(* With notation as in the context, if $s\in\mathbb{S}_{p^n}$, $t\in\mathbb{S}_{p^n}(h)$ and $s\preceq\mathfrak{a}(t)$, then $\mathfrak{a}(H(s,t))=\mathfrak{a}(t)-s$.
   Context: Let $p$ be a prime, $n\ge1$, $\mathbb{S}_{p^n}=\{0,\dots,p^n-1\}$; write $s\in\mathbb{S}_{p^n}$ as $s=\sum_{i=1}^n s_{(n-i)}p^{n-i}$ with digits in $\{0,\dots,p-1\}$, and $s\preceq t$ means $s_{(n-i)}\le t_{(n-i)}$ for all $i$. Let $b_1,\dots,b_n$ be integers prime to $p$, $\mathfrak{b}(s)=\sum_i s_{(n-i)}p^{n-i}b_i$, and for $t\in\mathbb{Z}$ let $\mathfrak{a}(t)\in\mathbb{S}_{p^n}$ be the unique element with $\mathfrak{b}(\mathfrak{a}(t))\equiv-t\pmod{p^n}$. Let $r:\mathbb{Z}\to\mathbb{S}_{p^n}$ be reduction mod $p^n$. Fix $h\in\mathbb{Z}$, let $\mathbb{S}_{p^n}(h)=\{t\in\mathbb{Z}:h\le t<h+p^n\}$, and for $s\in\mathbb{S}_{p^n}$, $t\in\mathbb{S}_{p^n}(h)$ set $H(s,t)=h+r(\mathfrak{b}(s)+t-h)$. *)

From mathcomp Require Import all_boot all_order all_algebra.
Set Implicit Arguments. Unset Strict Implicit. Unset Printing Implicit Defensive.
Import Order.TTheory GRing.Theory Num.Theory.

Definition digit (p s j : nat) : nat := (s %/ p ^ j) %% p.

Definition dprec (p n s t : nat) : Prop :=
  forall j, (j < n)%N -> (digit p s j <= digit p t j)%N.

Definition bfrak (p n : nat) (b : nat -> int) (s : nat) : int :=
  \sum_(1 <= i < n.+1) ((digit p s (n - i) * p ^ (n - i))%N%:Z * b i)%R.

(* frak a (t) : the unique element x of S_{p^n} = {0..p^n-1} with
   bfrak x = -t (mod p^n); computed as the least such x (p^n if none). *)
Definition afrak (p n : nat) (b : nat -> int) (t : int) : nat :=
  find (fun x => (bfrak p n b x == - t %[mod (p ^ n)%N%:Z])%Z) (iota 0 (p ^ n)).

Definition rmod (p n : nat) (x : int) : int := (x %% (p ^ n)%N%:Z)%Z.

Definition Hmap (p n : nat) (b : nat -> int) (h : int) (s : nat) (t : int) : int :=
  (h + rmod p n (bfrak p n b s + t - h))%R.

From mathcomp Require Import all_boot all_order all_algebra.
From mathcomp Require Import zify ring.
Import Order.TTheory GRing.Theory Num.Theory.
Set Implicit Arguments.
Unset Strict Implicit.
Unset Printing Implicit Defensive.
Local Open Scope ring_scope.

(* When the digits of s are bounded by those of a, subtracting s from a
   borrows nowhere, so the linear form bfrak satisfies
   bfrak (a - s) = bfrak a - bfrak s.  With a = afrak t this gives
   bfrak (a - s) = -t - bfrak s = -H (mod p^n).  Since the b_i are prime
   to p, bfrak is injective modulo p^n on {0, ..., p^n - 1} (compare the
   lowest digits, then divide by p), so afrak H = a - s. *)

Lemma digit0 p x : digit p x 0 = (x %% p)%N.
Proof. by rewrite /digit expn0 divn1. Qed.

Lemma digitS p x j : digit p x j.+1 = digit p (x %/ p) j.
Proof. by rewrite /digit expnS divnMA. Qed.

Lemma digit_expn p n j : (0 < p)%N -> (j < n)%N -> digit p (p ^ n) j = 0%N.
Proof.
move=> p_gt0 ltjn; rewrite /digit -expnB ?(ltnW ltjn) //.
by rewrite -(subnSK ltjn) expnSr modnMl.
Qed.

Lemma ltn_divn_expS p n x : (0 < p)%N -> (x < p ^ n.+1)%N -> (x %/ p < p ^ n)%N.
Proof. by move=> p_gt0; rewrite ltn_divLR // -expnSr. Qed.

Lemma digits_eq0 p n x : (0 < p)%N -> (x < p ^ n)%N ->
  (forall j, (j < n)%N -> digit p x j = 0%N) -> x = 0%N.
Proof.
move=> p_gt0; elim: n x => [|n IH] x ltx dx0; first by rewrite expn0 in ltx; lia.
have xp0 : (x %/ p = 0)%N.
  by apply: IH; [exact: ltn_divn_expS | move=> j ltj; rewrite -digitS dx0].
by rewrite (divn_eq x p) xp0 -digit0 dx0.
Qed.

Lemma dprec_subn p n a s : (0 < p)%N -> (s < p ^ n)%N -> (a < p ^ n)%N ->
  dprec p n s a ->
  (s <= a)%N /\ forall j, (j < n)%N -> digit p (a - s) j = (digit p a j - digit p s j)%N.
Proof.
move=> p_gt0; elim: n a s => [|n IH] a s lts lta sa.
  by rewrite expn0 in lts lta; split => //; lia.
have [le_sa_p digitB] : (s %/ p <= a %/ p)%N /\ forall j, (j < n)%N ->
    digit p (a %/ p - s %/ p) j = (digit p (a %/ p) j - digit p (s %/ p) j)%N.
  apply: IH; rewrite ?ltn_divn_expS // => j ltj.
  by rewrite -!digitS; apply: sa.
have le_sa0 := sa 0%N isT; rewrite !digit0 in le_sa0.
have ltap : (a %% p < p)%N by rewrite ltn_mod.
have le_sa_pp : (s %/ p * p <= a %/ p * p)%N by rewrite leq_mul2r le_sa_p orbT.
have a_s : (a - s = (a %/ p - s %/ p) * p + (a %% p - s %% p))%N.
  rewrite mulnBl; move: (divn_eq a p) (divn_eq s p) le_sa_pp le_sa0.
  move: (a %/ p * p)%N (s %/ p * p)%N (a %% p)%N (s %% p)%N => u v w z; lia.
have ltp : (a %% p - s %% p < p)%N := leq_ltn_trans (leq_subr _ _) ltap.
split.
  rewrite (divn_eq a p) (divn_eq s p); move: le_sa_pp le_sa0.
  move: (a %/ p * p)%N (s %/ p * p)%N (a %% p)%N (s %% p)%N => u v w z; lia.
case=> [|j] ltj; first by rewrite !digit0 a_s modnMDl modn_small.
by rewrite !digitS a_s divnMDl // (divn_small ltp) addn0 digitB.
Qed.

Definition weighted_digits (p : nat) (c : nat -> int) (n x : nat) : int :=
  \sum_(0 <= k < n) ((digit p x k * p ^ k)%N%:Z * c k).

Lemma bfrak_weighted_digits p n b x :
  bfrak p n b x = weighted_digits p (fun k => b (n - k)%N) n x.
Proof.
rewrite /bfrak /weighted_digits (big_addn 0 n.+1 1) subn1 /= big_nat_rev /=.
apply: eq_big_nat => i /andP[_ ltin].
by rewrite (_ : 0 + n - i.+1 + 1 = n - i)%N ?subKn //; [exact: ltnW | lia].
Qed.

Lemma weighted_digitsS p c n x : weighted_digits p c n.+1 x =
  (x %% p)%N%:Z * c 0%N + p%:Z * weighted_digits p (fun k => c k.+1) n (x %/ p).
Proof.
rewrite /weighted_digits big_nat_recl // digit0 expn0 muln1; congr (_ + _).
rewrite big_distrr; apply: eq_bigr => k _ /=.
rewrite digitS expnS !PoszM; ring.
Qed.

Lemma weighted_digitsB p c n a s : (0 < p)%N ->
  (s < p ^ n)%N -> (a < p ^ n)%N -> dprec p n s a ->
  weighted_digits p c n (a - s) = weighted_digits p c n a - weighted_digits p c n s.
Proof.
move=> p_gt0 lts lta sa; have [_ digitB] := dprec_subn p_gt0 lts lta sa.
rewrite /weighted_digits -sumrB; apply: eq_big_nat => k /andP[_ ltk].
by rewrite digitB // mulnBl -subzn ?mulrBl // leq_mul2r sa ?orbT.
Qed.

Lemma weighted_digits_inj_mod p n c x y : prime p ->
  (forall k, (k < n)%N -> coprimez (c k) p) ->
  (x < p ^ n)%N -> (y < p ^ n)%N ->
  (weighted_digits p c n x == weighted_digits p c n y %[mod (p ^ n)%N])%Z -> x = y.
Proof.
move=> p_pr; have p_gt0 := prime_gt0 p_pr.
elim: n c x y => [|n IH] c x y cop ltx lty; first by rewrite expn0 in ltx lty; lia.
rewrite eqz_mod_dvd !weighted_digitsS.
set X := weighted_digits _ _ _ (x %/ p); set Y := weighted_digits _ _ _ (y %/ p).
rewrite (_ : _ - _ = ((x %% p)%N%:Z - (y %% p)%N%:Z) * c 0%N + p%:Z * (X - Y));
  last by ring.
move=> dvd_pn.
have dvd_low : (p%:Z %| ((x %% p)%N%:Z - (y %% p)%N%:Z) * c 0%N)%Z.
  have dvd_p : (p%:Z %| (p ^ n.+1)%N%:Z)%Z by rewrite expnS PoszM dvdz_mulr.
  have dvd_diff := rpredB (dvdz_trans dvd_p dvd_pn) (dvdz_mulr (X - Y) (dvdzz p%:Z)).
  by rewrite addrK in dvd_diff.
have cop0 : coprimez p (c 0%N) by rewrite coprimez_sym cop.
rewrite (Gauss_dvdzl _ cop0) -eqz_mod_dvd !modz_nat !modn_mod in dvd_low.
have eq_low : (x %% p = y %% p)%N by apply/eqP; rewrite -eqz_nat.
rewrite eq_low subrr mul0r add0r expnS PoszM dvdz_mul2l ?eqz_nat -?lt0n // in dvd_pn.
have eq_high : (x %/ p = y %/ p)%N.
  apply: (IH (fun k => c k.+1)); rewrite ?ltn_divn_expS //; first by move=> k ltk; apply: cop.
  by rewrite eqz_mod_dvd.
by rewrite (divn_eq x p) (divn_eq y p) eq_high eq_low.
Qed.

Lemma find_iota_unique (P : pred nat) m x : (x < m)%N -> P x ->
  (forall y, (y < m)%N -> P y -> y = x) -> find P (iota 0 m) = x.
Proof.
move=> ltx Px uniqP; have hasP : has P (iota 0 m).
  by apply/hasP; exists x; rewrite ?mem_iota.
have ltf : (find P (iota 0 m) < m)%N by move: hasP; rewrite has_find size_iota.
apply: uniqP => //; by have := nth_find 0%N hasP; rewrite nth_iota // add0n.
Qed.

Section Bfrak.

Variables (p n : nat) (b : nat -> int).
Hypothesis p_pr : prime p.
Hypothesis b_coprime : forall i, (1 <= i <= n)%N -> coprimez (b i) p%:Z.

Let p_gt0 : (0 < p)%N := prime_gt0 p_pr.

Lemma bfrak0 : bfrak p n b 0 = 0.
Proof. by rewrite /bfrak big1 // => i _; rewrite /digit div0n mod0n mul0n mul0r. Qed.

Lemma bfrakB a s : (s < p ^ n)%N -> (a < p ^ n)%N -> dprec p n s a ->
  bfrak p n b (a - s) = bfrak p n b a - bfrak p n b s.
Proof. by move=> *; rewrite !bfrak_weighted_digits weighted_digitsB. Qed.

Lemma bfrak_inj_mod x y : (x < p ^ n)%N -> (y < p ^ n)%N ->
  (bfrak p n b x == bfrak p n b y %[mod (p ^ n)%N])%Z -> x = y.
Proof.
rewrite !bfrak_weighted_digits; apply: weighted_digits_inj_mod => // k ltk.
by apply: b_coprime; lia.
Qed.

Lemma afrak_le t : (afrak p n b t <= p ^ n)%N.
Proof. by rewrite /afrak; apply: leq_trans (find_size _ _) _; rewrite size_iota. Qed.

Lemma afrak_mod t : (afrak p n b t < p ^ n)%N ->
  (bfrak p n b (afrak p n b t) == - t %[mod (p ^ n)%N])%Z.
Proof.
move=> lta; have hasP : has (fun x => bfrak p n b x == - t %[mod (p ^ n)%N])%Z (iota 0 (p ^ n)).
  by rewrite has_find size_iota.
by have := nth_find 0%N hasP; rewrite nth_iota // add0n.
Qed.

Lemma afrak_unique t x : (x < p ^ n)%N ->
  (bfrak p n b x == - t %[mod (p ^ n)%N])%Z -> afrak p n b t = x.
Proof.
move=> ltx bx; apply: find_iota_unique => // y lty /eqP b_y.
by apply: bfrak_inj_mod => //; rewrite (eqP bx) b_y.
Qed.

End Bfrak.

Lemma Hmap_mod p n b h s t :
  (Hmap p n b h s t == bfrak p n b s + t %[mod (p ^ n)%N])%Z.
Proof.
by rewrite /Hmap /rmod -modzDmr modz_mod modzDmr addrC subrK.
Qed.

Theorem proposition3p11 (p n : nat) (b : nat -> int) (h : int) (s : nat) (t : int) :
  prime p -> (1 <= n)%N ->
  (forall i, (1 <= i <= n)%N -> coprimez (b i) p%:Z) ->
  (s < p ^ n)%N ->
  (h <= t)%R -> (t < h + (p ^ n)%N%:Z)%R ->
  dprec p n s (afrak p n b t) ->
  (afrak p n b (Hmap p n b h s t))%:Z = ((afrak p n b t)%:Z - s%:Z)%R.
Proof.
move=> p_pr _ b_cop lts le_ht lt_th s_a; have p_gt0 := prime_gt0 p_pr.
have [a_eq | a_neq] := eqVneq (afrak p n b t) (p ^ n)%N.
  (* afrak t = p ^ n is the junk value for "no solution"; then s = 0 and H = t. *)
  have s0 : s = 0%N.
    apply: (digits_eq0 p_gt0 lts) => j ltj.
    by apply/eqP; rewrite -leqn0 -(digit_expn p_gt0 ltj) -a_eq s_a.
  rewrite s0 subr0 /Hmap /rmod bfrak0 add0r modz_small ?subrKC //.
  by rewrite subr_ge0 le_ht ltrBlDl.
have lta : (afrak p n b t < p ^ n)%N by rewrite ltn_neqAle a_neq afrak_le.
have [le_sa _] := dprec_subn p_gt0 lts lta s_a.
rewrite subzn //; congr Posz.
apply: (afrak_unique p_pr b_cop (leq_ltn_trans (leq_subr _ _) lta)).
rewrite bfrakB // -modzDml (eqP (afrak_mod lta)) modzDml.
rewrite -modzNm (eqP (Hmap_mod _ _ _ _ _ _)) modzNm.
by apply/eqP; congr (_ %% _)%Z; ring.
Qed.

— Task —
Give back exactly the lines above starting at the line where "bfrak (a - s) = bfrak" appears and ending at the line where "apply: IH; rewrite" appears, both included, with no other lines.

— Response to this exercise —
   bfrak (a - s) = bfrak a - bfrak s.  With a = afrak t this gives
   bfrak (a - s) = -t - bfrak s = -H (mod p^n).  Since the b_i are prime
   to p, bfrak is injective modulo p^n on {0, ..., p^n - 1} (compare the
   lowest digits, then divide by p), so afrak H = a - s. *)

Lemma digit0 p x : digit p x 0 = (x %% p)%N.
Proof. by rewrite /digit expn0 divn1. Qed.

Lemma digitS p x j : digit p x j.+1 = digit p (x %/ p) j.
Proof. by rewrite /digit expnS divnMA. Qed.

Lemma digit_expn p n j : (0 < p)%N -> (j < n)%N -> digit p (p ^ n) j = 0%N.
Proof.
move=> p_gt0 ltjn; rewrite /digit -expnB ?(ltnW ltjn) //.
by rewrite -(subnSK ltjn) expnSr modnMl.
Qed.

Lemma ltn_divn_expS p n x : (0 < p)%N -> (x < p ^ n.+1)%N -> (x %/ p < p ^ n)%N.
Proof. by move=> p_gt0; rewrite ltn_divLR // -expnSr. Qed.

Lemma digits_eq0 p n x : (0 < p)%N -> (x < p ^ n)%N ->
  (forall j, (j < n)%N -> digit p x j = 0%N) -> x = 0%N.
Proof.
move=> p_gt0; elim: n x => [|n IH] x ltx dx0; first by rewrite expn0 in ltx; lia.
have xp0 : (x %/ p = 0)%N.
  by apply: IH; [exact: ltn_divn_expS | move=> j ltj; rewrite -digitS dx0].
by rewrite (divn_eq x p) xp0 -digit0 dx0.
Qed.

Lemma dprec_subn p n a s : (0 < p)%N -> (s < p ^ n)%N -> (a < p ^ n)%N ->
  dprec p n s a ->
  (s <= a)%N /\ forall j, (j < n)%N -> digit p (a - s) j = (digit p a j - digit p s j)%N.
Proof.
move=> p_gt0; elim: n a s => [|n IH] a s lts lta sa.
  by rewrite expn0 in lts lta; split => //; lia.
have [le_sa_p digitB] : (s %/ p <= a %/ p)%N /\ forall j, (j < n)%N ->
    digit p (a %/ p - s %/ p) j = (digit p (a %/ p) j - digit p (s %/ p) j)%N.
  apply: IH; rewrite ?ltn_divn_expS // => j ltj.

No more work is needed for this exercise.